Rose Breasted Cockatoo
Rose Breasted Cockatoo Or Galah are Affectionate and friendly, the Galah Cockatoos have a reputation for being loving pets. They are sensitive birds, however, and require quite a bit of attention and interaction from their owners. Those interested in owning a Cockatoo should make sure that they have plenty of free time to spend with their new pet. They are active birds and need plenty of exercises to maintain their physical health. Fresh fruit is a good source of nutrition for them as well. Nuts such as walnuts, almonds, and pecans can be used as a training treat and are very healthy for them.
Characteristics of cockatoo
The most obvious physical characteristic is the strong, curved, broad bill. The upper mandible is prominent, curves downward, and comes to a point. It is not fused to the skull, which allows it to move independently, and contributes to the tremendous biting pressure the birds are able to exert.
A large macaw, for example, has a bite force of 35 kg/cm2 (500 lb/sq in), close to that of a large dog. The lower mandible is shorter, with a sharp, upward-facing cutting edge, which moves against the flat portion of the upper mandible in an anvil-like fashion.
Touch receptors occur along the inner edges of the keratinised bill, which are collectively known as the “bill tip organ“, allowing for highly dexterous manipulations. Seed-eating parrots have a strong tongue (containing similar touch receptors to those in the bill tip organ), which helps to manipulate seeds or position nuts in the bill so that the mandibles can apply an appropriate cracking force.
The head is large, with eyes positioned high and laterally in the skull, so the visual field of parrots is unlike any other birds. Without turning its head, a parrot can see from just below its bill tip, all above its head, and quite far behind its head.
Parrots also have quite a wide frontal binocular field for a bird, although this is nowhere near as large as primate binocular visual fields.

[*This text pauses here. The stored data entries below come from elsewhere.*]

(* The original alphabet is A; every
   letter created by a compression is a new constructor application, hence is
   fresh (different from all letters occurring in the tree it is applied to).
   - Base a       : original letter a
   - Chain a l    : the letter a_l of chain compression
   - Pair a b     : the letter c_ab of pair compression
   - LeafC f ps   : the letter f' of leaf compression, ps = [(i_1,a_1);...;(i_l,a_l)] *)
Inductive letter (A : Type) : Type :=
| Base of A
| Chain of A & nat
| Pair of letter A & letter A
| LeafC of letter A & seq (nat * letter A).
Arguments Base {A}. Arguments Chain {A}. Arguments Pair {A}. Arguments LeafC {A}.

Section Compressions.
Variables (A : eqType) (arA : A -> nat).

Fixpoint lar (x : letter A) : nat :=
  match x with
  | Base a => arA a
  | Chain _ _ => 1
  | Pair _ _ => 1
  | LeafC f ps => lar f - size ps
  end.

(* Chain compression for the set of all unary letters of the tree.
   [cc k t]: t is the current node, k = number of nodes above it in its
   current a-maximal chain (0 at the top of a chain). *)
Fixpoint cc (k : nat) (t : tree A) : tree (letter A) :=
  let: Node a ts := t in
  if arA a == 1 then
    match ts with
    | [:: c] => if label c == a then cc k.+1 c
                else Node (Chain a k.+1) [:: cc 0 c]
    | _ => Node (Chain a k.+1) (map (cc 0) ts)
    end
  else Node (Base a) (map (cc 0) ts).

Definition chain_compression (t : tree A) : tree (letter A) := cc 0 t.

(* (Gamma1, Gamma2) pair compression, where Gamma1 = unary letters satisfying P
   and Gamma2 = unary letters not satisfying P. *)
Fixpoint pc (P : letter A -> bool) (t : tree (letter A)) : tree (letter A) :=
  let: Node a ts := t in
  match ts with
  | [:: Node b us] =>
      if [&& lar a == 1, P a, lar b == 1 & ~~ P b]
      then Node (Pair a b) (map (pc P) us)
      else Node a (map (pc P) ts)
  | _ => Node a (map (pc P) ts)
  end.

Definition is_const_leaf (t : tree (letter A)) : bool :=
  (lar (label t) == 0) && (nilp (children t)).

Fixpoint lc (t : tree (letter A)) : tree (letter A) :=
  let: Node f ts := t in
  if lar f == 0 then Node f (map lc ts)
  else
    let ps := [seq (ic.1, label ic.2) |
               ic <- zip (iota 0 (size ts)) ts & is_const_leaf ic.2] in
    let rs := map (fun c => (is_const_leaf c, lc c)) ts in
    Node (LeafC f ps) [seq r.2 | r <- rs & ~~ r.1].

End Compressions.

From mathcomp Require Import all_boot zify.
From Stdlib Require List.
Set Implicit Arguments. Unset Strict Implicit. Unset Printing Implicit Defensive.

Parrots have strong zygodactyl feet with sharp, elongated claws, which are used for climbing and swinging. Most species are capable of using their feet to manipulate food and other objects with a high degree of dexterity, in a similar manner to a human using their hands.
A study conducted with Australian parrots has demonstrated that they exhibit “handedness”, a distinct preference with regards to the foot used to pick up food, with adult parrots being almost exclusively “left-footed” or “right-footed”, and with the prevalence of each preference within the population varying by species.